第162章 过完年再说吧(2 / 2)
沈殊青继续说:“核心的构造,用顾—辛流型承载具有湍流性质的哈密顿流,然后把安全性归约到弗洛尔同调的计算,这个思路是自洽的。
弗洛尔同调的计算在某些条件下的確是指数级困难的,这个结论在辛几何里是已知的。
肖宿的创新在於,他找到了把这些数学结构用到密码学里的方式。”
他顿了顿,又说:“而且他的构造很巧妙。他不是简单地『借用』弗洛尔同调,而是设计了一类特殊的辛流形,使得弗洛尔同调的计算恰好对应到破解者需要解决的问题。这种『对应』不是勉强的,是自然的。”

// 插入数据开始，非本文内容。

Lemma coherent_mid w : k < w <= l -> A w = U w.
Proof.
move=> kwl.
have [x [x1 xw Axw]] : exists x, [/\ 1 <= x, x < w & A x != A w].
  have [A1w | A1w] := eqVneq (A 1) (A w); last by exists 1; split => //; lia.
  exists k.+1; rewrite -A1w; split => //.
  by rewrite ltn_neqAle; apply/andP; split; [apply: (contraNneq _ A_k1) => ->|]; lia.
have [y [wy yn Ayw]] : exists y, [/\ w < y, y <= n & A y != A w].
  have [Anw | Anw] := eqVneq (A n) (A w); last by exists n; split => //; lia.
  exists l; rewrite -Anw; split => //; last lia.
  by rewrite ltn_neqAle; apply/andP; split; [apply: (contraNneq _ A_l) => <-|]; lia.
apply: (A_coh x1 xw wy yn); last by rewrite eq_sym.
by move: Axw Ayw; case: (A x) (A y) (A w) => [] [] [].
Qed.

Lemma coherent_eq_Akl v : 1 <= v <= n -> A v = Akl n U k l v.
Proof.
move=> vn; have kl := first_change_le_last.
have [kl_eq | k_ne_l] := eqVneq k l.
  subst l.
  have A1 : A 1.
    case: A_valid => a [b [an bn Aa Ab ab]]; apply: (contraNT _ Ab) => A1.
    have ka : k < a by apply: (contraTT _ Aa); rewrite -leqNgt => ak; rewrite A_low //; lia.
    by rewrite A_high -?(A_high (v := a)) //; lia.
  have An : ~~ A n by move: A_k1; rewrite A_high ?A1 //; lia.
  rewrite Akl_diag; case: (leqP v k) => vk; first by rewrite A_low ?A1; lia.
  by rewrite A_high ?(negbTE An) //; lia.
have {}kl : k < l by rewrite ltn_neqAle k_ne_l.
case: (leqP v k) => vk.
  by rewrite Akl_low ?A_low -?(coherent_mid (w := k.+1)) //; lia.
case: (leqP v l) => vl; first by rewrite Akl_mid ?coherent_mid //; lia.
by rewrite Akl_high ?A_high -?(coherent_mid (w := l)) //; lia.
Qed.

End CoherentShape.

Lemma coherent_Akl_shape n U A : valid_subset n A -> sandwich_coherent n U A ->
  exists k l, [/\ 1 <= k, k <= l, l <= n.-1 & forall v, 1 <= v <= n -> A v = Akl n U k l v].
Proof.
move=> A_valid A_coh; have [a [b [an bn Aa Ab _]]] := A_valid.
have differs c : exists2 x, 1 <= x <= n & A x != A c.
  by case: (A c); [exists b; rewrite ?(negbTE Ab) | exists a; rewrite ?Aa].
have exP : exists k, (k < n) && (A k.+1 != A 1).
  by have [x xn Ax] := differs 1; exists x.-1; rewrite prednK; lia.
have exQ : exists l, (l < n) && (A l != A n).
  have [x xn Ax] := differs n; exists x; rewrite Ax andbT ltn_neqAle.
  by apply/andP; split; [apply: (contraNneq _ Ax) => ->|]; lia.
case: (ex_minnP exP) => k /andP[kn Ak1] k_min.
have Q_bound l : (l < n) && (A l != A n) -> l <= n by case/andP => /ltnW.
case: (ex_maxnP exQ Q_bound) => l /andP[ln Al] l_max.
have k_pos : 0 < k by case: k {kn k_min} Ak1 => //; rewrite eqxx.
have A_low v : 1 <= v <= k -> A v = A 1.
  move=> vk; apply/eqP; apply: (contraTT _ vk) => Av.
  by have := k_min v.-1; rewrite prednK ?Av; lia.
have A_high v : l < v <= n -> A v = A n.
  move=> vl; apply/eqP; apply: (contraTT _ vl) => Av.
  have vn : v < n by rewrite ltn_neqAle; apply/andP; split; [apply: (contraNneq _ Av) => ->|]; lia.
  by have := l_max v; rewrite vn Av; lia.
exists k, l; split; [lia | | lia | ].
- exact: first_change_le_last k_pos kn ln A_low A_high Ak1 Al.
- exact: coherent_eq_Akl A_valid A_coh k_pos kn ln A_low A_high Ak1 Al.
Qed.

Theorem proposition9p3 (n : nat) (U : pred nat) (g : seq nat) :
  join_irreducible n g ->
  ((~ contains_bar213 U g /\ ~ contains_13under2 U g) <->
   exists k l, [/\ 1 <= k, k <= l, l <= n.-1 & assoc_subset n g (Akl n U k l)]).
Proof.
move=> gJ; have [A [A_valid ->]] := join_irreducible_jperm gJ; split.
- move/jperm_avoidsP => A_coh.
  have [k [l [k1 kl ln AE]]] := coherent_Akl_shape A_valid A_coh.
  exists k, l; split => //; split; first exact: valid_subset_eq_in AE A_valid.
  exact: jperm_eq_in AE.
- case=> k [l [_ kl _ [_ ->]]]; apply/jperm_avoidsP.
  exact: sandwich_coherent_Akl.
Qed.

孙方远抬起头:“那量子实现的部分呢我看他用的是量子过程层析的下界,那个在量子资讯理论里是公认的结论。但问题是,他设计的那个哈密顿量,真的能实现吗”
顾清尘接过话:“那个哈密顿量的形式,来源於arnold扩散模型。这个模型在经典力学里是研究得很透彻的,量子化之后会得到什么性质,还需要进一步分析。但从理论上看,没有根本性的障碍。”
张秉文:“也就是说,这个框架是可行的”
沈殊青看了他一眼,缓缓说:“从数学上说,是的。剩下的就是技术细节——具体的参数选择、量子电路的实现、误差的容忍度,这些都是工程问题,可以一步步解决。”
会议室里安静了几秒。
所有人的目光都集中在刘炎青身上。
这位国家密码管理局的负责人从眼前的论文中抬起了头,他的声音不大,但每一个字都像是敲在人心上:
“各位,抗量子密码的研究,往小了说,是一项技术竞赛;往大了说,是一场关乎国家安全的战略博弈。”

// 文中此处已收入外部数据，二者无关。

(* For any permutation $\sigma\in\mathrm{Sym}(n)$, the cyclic group $G=\langle\sigma\rangle\leq\mathrm{Sym}(n)$, with its natural action on $\{1,\dots,n\}$, has the strict EKR property.
   Context: Two permutations $\pi,\tau\in G$ intersect if $\pi\tau^{-1}$ has a fixed point in $\{1,\dots,n\}$. A subset of $G$ is intersecting if every pair of its elements intersect. $G$ has the EKR property if every intersecting subset of $G$ has size at most the size of the largest point-stabilizer in $G$. $G$ has the strict EKR property if it has the EKR property and the only intersecting subsets of maximum size in $G$ are the cosets of the (largest) point-stabilizers. *)

From mathcomp Require Import all_boot all_fingroup.
Set Implicit Arguments. Unset Strict Implicit. Unset Printing Implicit Defensive.
Import GroupScope.

(* pi and tau intersect iff pi * tau^-1 has a fixed point in {0,...,n-1}
   (mathcomp's product: (p * t) x = t (p x)). *)
Definition perm_intersect (n : nat) (p t : {perm 'I_n}) : bool :=
  [exists i : 'I_n, (p * t^-1) i == i].

Definition intersecting (n : nat) (G S : {set {perm 'I_n}}) : bool :=
  (S \subset G) && [forall p in S, forall t in S, perm_intersect p t].

Definition max_stab (n : nat) (G : {group {perm 'I_n}}) : nat :=
  \max_(i : 'I_n) #|'C_G[i | 'P]|.

Definition EKR (n : nat) (G : {group {perm 'I_n}}) : Prop :=
  forall S : {set {perm 'I_n}}, intersecting G S -> #|S| <= max_stab G.

Definition strict_EKR (n : nat) (G : {group {perm 'I_n}}) : Prop :=
  EKR G /\
  forall S : {set {perm 'I_n}}, intersecting G S -> #|S| = max_stab G ->
    exists i : 'I_n, exists2 g, g \in G &
      #|'C_G[i | 'P]| = max_stab G /\ S = g *: 'C_G[i | 'P].

From mathcomp Require Import all_boot all_fingroup.
From mathcomp Require Import cyclic zify.
Set Implicit Arguments. Unset Strict Implicit. Unset Printing Implicit Defensive.
Import GroupScope.

(* Let G = <s> have order m, let M be the largest stabilizer order and k = m / M.
   If s^j fixed a point for some 0 < j < k, the stabilizer of that point would
   contain <s^j>, of order m / gcd(m, j) >= m / j > M; so s, ..., s^(k-1) are
   fixed-point-free.  Since G is abelian, a, b in an intersecting set S differ by
   a permutation with a fixed point, hence the k right translates S s^j, j < k,
   are pairwise disjoint in G, and k |S| <= m, i.e. |S| <= M.  If |S| = M they
   tile G, which forces S s^k = S, so S is a coset of <s^k>; this subgroup has
   order M, hence is the maximal stabilizer, as G is cyclic. *)

Lemma max_stab_attained (n : nat) (G : {group {perm 'I_n}}) :
  0 < n -> exists i : 'I_n, #|'C_G[i | 'P]| = max_stab G.
Proof.
move=> n_gt0.
have [i max_i] := @eq_bigmax 'I_n (fun i => #|'C_G[i | 'P]|) (ltac:(by rewrite card_ord)).
by exists i; rewrite /max_stab max_i.
Qed.

Lemma card_astab1_le_max_stab (n : nat) (G : {group {perm 'I_n}}) (x : 'I_n) :
  #|'C_G[x | 'P]| <= max_stab G.
Proof. exact: (@leq_bigmax _ (fun i => #|'C_G[i | 'P]|)). Qed.

Lemma order_leq_orderX_mul (gT : finGroupType) (a : gT) (j : nat) :
  0 < j -> (#[a] <= #[a ^+ j] * j)%N.
Proof.
move=> j_gt0; rewrite orderXgcd.
have g_dvd := dvdn_gcdl #[a] j.
have g_le : gcdn #[a] j <= j := dvdn_leq j_gt0 (dvdn_gcdr _ _).
by rewrite -{1}(divnK g_dvd) leq_mul2l g_le orbT.
Qed.

Section CyclicEKR.

Variables (n : nat) (s : {perm 'I_n}).
Hypothesis n_gt0 : 0 < n.

Let M := max_stab <[s]>%G.
Let k := #[s] %/ M.

Lemma max_stab_dvd_order : M %| #[s].
Proof.
rewrite /M; have [i <-] := max_stab_attained <[s]>%G n_gt0.
exact: cardSg (subsetIl _ _).
Qed.

Lemma max_stab_mul_index : (M * k)%N = #[s].
Proof. by rewrite /k mulnC divnK // max_stab_dvd_order. Qed.

Lemma index_max_stab_gt0 : 0 < k.
Proof. by have := order_gt0 s; rewrite -max_stab_mul_index muln_gt0 => /andP[]. Qed.

Lemma expg_fixpoint_free (j : nat) (x : 'I_n) : 0 < j < k -> (s ^+ j) x != x.
Proof.
case/andP=> j_gt0; rewrite ltn_divRL ?max_stab_dvd_order // => jM_lt.
apply/negP => /eqP fix_x.
have sj_stab : s ^+ j \in 'C_(<[s]>%G)[x | 'P].
  by rewrite in_setI mem_cycle; apply/astab1P.
have orderX_le : #[s ^+ j] <= M.
  apply: leq_trans (card_astab1_le_max_stab _ x).
  by apply: subset_leq_card; rewrite cycle_subG.
have := order_leq_orderX_mul s j_gt0.
apply/negP; rewrite -ltnNge; apply: leq_ltn_trans jM_lt.
by rewrite mulnC leq_mul2l orderX_le orbT.
Qed.

Lemma intersecting_neq_mulX (S : {set {perm 'I_n}}) (a b : {perm 'I_n}) (j : nat) :
  intersecting <[s]>%G S -> a \in S -> b \in S -> 0 < j < k -> a != b * s ^+ j.
Proof.
case/andP=> sSG /forall_inP S_int aS bS j_range; apply/eqP => def_a.
have [t def_b] : exists t, b = s ^+ t by apply/cycleP; apply: (subsetP sSG).
have /existsP[x /eqP] := forall_inP (S_int a aS) b bS.
rewrite def_a def_b -expgD addnC expgD mulgK.
by apply/eqP; apply: expg_fixpoint_free.
Qed.

Definition shift_pair (p : {perm 'I_n} * 'I_k) : {perm 'I_n} := p.1 * s ^+ p.2.

Definition shifts (S : {set {perm 'I_n}}) : {set {perm 'I_n}} :=
  shift_pair @: setX S [set: 'I_k].

Lemma card_shifts (S : {set {perm 'I_n}}) :
  intersecting <[s]>%G S -> #|shifts S| = (#|S| * k)%N.
Proof.
move=> S_int; rewrite card_in_imset ?cardsX ?cardsT ?card_ord //.
have no_shift a b (i j : 'I_k) : a \in S -> b \in S -> i < j ->
    a * s ^+ i != b * s ^+ j.
  move=> aS bS lt_ij; apply/eqP => eq_ab.
  have def_a : a = b * s ^+ (j - i).
    by apply: (mulIg (s ^+ i)); rewrite eq_ab -mulgA -expgD subnK // ltnW.
  have ji_range : 0 < j - i < k by have := ltn_ord j; lia.
  by move: (intersecting_neq_mulX S_int aS bS ji_range); rewrite -def_a eqxx.
move=> [a i] [b j]; rewrite !inE /= => /andP[aS _] /andP[bS _].
rewrite /shift_pair /= => eq_ab.
have eq_ij : i = j.
  apply: val_inj; case: (ltngtP i j) => // [lt_ij | lt_ji].
  - by case/negP: (no_shift a b i j aS bS lt_ij); apply/eqP.
  - by case/negP: (no_shift b a j i bS aS lt_ji); apply/eqP.
by rewrite -eq_ij in eq_ab *; rewrite (mulIg _ _ _ eq_ab).
Qed.

Lemma shifts_sub (S : {set {perm 'I_n}}) :
  S \subset <[s]> -> shifts S \subset <[s]>.
Proof.
move=> sSG; apply/subsetP => y /imsetP[[a j]]; rewrite !inE /= => /andP[aS _] ->.
by rewrite groupM ?mem_cycle // (subsetP sSG).
Qed.

Lemma intersecting_card_le (S : {set {perm 'I_n}}) :
  intersecting <[s]>%G S -> #|S| <= M.
Proof.
move=> S_int; have := subset_leq_card (shifts_sub (proj1 (andP S_int))).
by rewrite card_shifts // -/(order s) -max_stab_mul_index leq_pmul2r ?index_max_stab_gt0.
Qed.

Lemma max_intersecting_mulX_closed (S : {set {perm 'I_n}}) (a : {perm 'I_n}) :
  intersecting <[s]>%G S -> #|S| = M -> a \in S -> a * s ^+ k \in S.
Proof.
move=> S_int cardS aS; have sSG := proj1 (andP S_int).
have shifts_full : shifts S = <[s]>.
  apply/eqP; rewrite eqEcard shifts_sub // card_shifts // cardS.
  by rewrite max_stab_mul_index; exact: leqnn.
have : a * s ^+ k \in shifts S.
  by rewrite shifts_full groupM ?mem_cycle // (subsetP sSG).
case/imsetP=> [[b j]]; rewrite !inE /= => /andP[bS _]; rewrite /shift_pair /=.
have [-> | j_gt0] := posnP j; first by rewrite expg0 mulg1 => ->.
move=> eq_ab; have kj_range : 0 < k - j < k by have := ltn_ord j; lia.
have def_b : b = a * s ^+ (k - j).
  by apply: (mulIg (s ^+ j)); rewrite -eq_ab -mulgA -expgD subnK // ltnW.
by move: (intersecting_neq_mulX S_int bS aS kj_range); rewrite -def_b eqxx.
Qed.

Lemma card_cycle_expX_index : #|<[s ^+ k]>| = M.
Proof.
have k_dvd : k %| #[s] by rewrite -max_stab_mul_index dvdn_mull.
by rewrite -/(order _) orderXdiv // -max_stab_mul_index mulnK ?index_max_stab_gt0.
Qed.

Lemma max_intersecting_coset (S : {set {perm 'I_n}}) (a : {perm 'I_n}) :
  intersecting <[s]>%G S -> #|S| = M -> a \in S -> S = a *: <[s ^+ k]>.
Proof.
move=> S_int cardS aS.
have coset_sub : a *: <[s ^+ k]> \subset S.
  apply/subsetP => y /lcosetP[z /cycleP[t ->] ->]; rewrite -expgM.
  elim: t => [|t IHt]; first by rewrite muln0 expg0 mulg1.
  by rewrite mulnSr expgD mulgA max_intersecting_mulX_closed.
apply/eqP; rewrite eq_sym eqEcard coset_sub card_lcoset.
by rewrite card_cycle_expX_index cardS leqnn.
Qed.

Lemma max_stab_eq_cycle_expX (i : 'I_n) :
  #|'C_(<[s]>%G)[i | 'P]| = M -> 'C_(<[s]>%G)[i | 'P] = <[s ^+ k]>.
Proof.
move=> card_stab; apply/eqP.
rewrite (@eq_subG_cyclic _ <[s]>%G) ?cycle_cyclic ?subsetIl //=.
  by rewrite card_stab card_cycle_expX_index.
by rewrite cycle_subG mem_cycle.
Qed.

End CyclicEKR.

Theorem theorem5 (n : nat) (s : {perm 'I_n}) :
  (0 < n)%N -> strict_EKR <[s]>%G.
Proof.
move=> n_gt0; split=> [S|S S_int cardS]; first exact: intersecting_card_le.
have [i card_stab] := max_stab_attained <[s]>%G n_gt0.
have /card_gt0P[a aS] : 0 < #|S| by rewrite cardS -card_stab cardG_gt0.
exists i, a; first exact: subsetP (proj1 (andP S_int)) a aS.
split=> //.
by rewrite max_stab_eq_cycle_expX // (max_intersecting_coset n_gt0 S_int cardS aS).
Qed.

“如今国际上nist的筛选已经进行到第五轮,六个入围团队,没有一个来自华国。”
他的语气很平静,但所有人都听得出来那平静
“前几天,国外那几个实验室的成果出来的时候,我整宿没睡著。不是因为咱们落后,是因为我不知道这差距还要拉多大。
咱们的金融系统、政务系统、国防系统,十年后、二十年后,拿什么来保护靠別人的標准靠別人的算法那人家在算法里留个后门,咱们连查都查不出来。”
他说到这里,停顿了一下,目光落在桌上的肖宿的论文,已经被翻得有些皱了。
“但现在,”他的声音忽然变得有些不一样了,“我们有了这个。”
他双手撑著桌面,身体微微前倾,目光从丁克林脸上移到沈殊青脸上,再移到陈明远、顾清尘、张秉文、傅道野……。
“这个框架,不是跟在人家后面修修补补,是重新铺了一条路。这条路是我们自己铺的,路怎么修、修多宽、往哪个方向走,我们自己说了算。”
他直起身,声音里带上了一种罕见的郑重:
“这將是我们国家安全最重要的一道屏障,这个项目,国家密码管理局会全力支持。
要人给人,要钱给钱,要政策给政策。
什么流程、什么审批、什么条条框框,都给我往后放。
克林,你们唯一要考虑的,就是怎么把这个框架从纸上变成现实。”
丁克林站起来,声音有些沙哑:“刘局放心。这东西,我们实验室一定全力推进。”
刘炎青看著他,点了点头。
“好,之前咱们没有自己的方案,只能望洋兴嘆,现在咱们有东西了。
接下来的事,就是把它做扎实、做落地、做成熟。”
他看向在座的所有人:
“诸位,接下来的几个月,会是关键中的关键。
这个框架还需要数学上的严格验证,需要物理上的可行性分析,需要工程上的实现方案。
每一环都不能出岔子。
我希望各位能放下手头其他的事,配合实验室把这个项目往前推。
需要协调什么、需要调用什么资源,直接来找我。”
“散会。”
不过这些肖宿都不知道,顾清尘也只是第二天打了个电话打趣他,说丁克林他们实验室恐怕连年都过不了了。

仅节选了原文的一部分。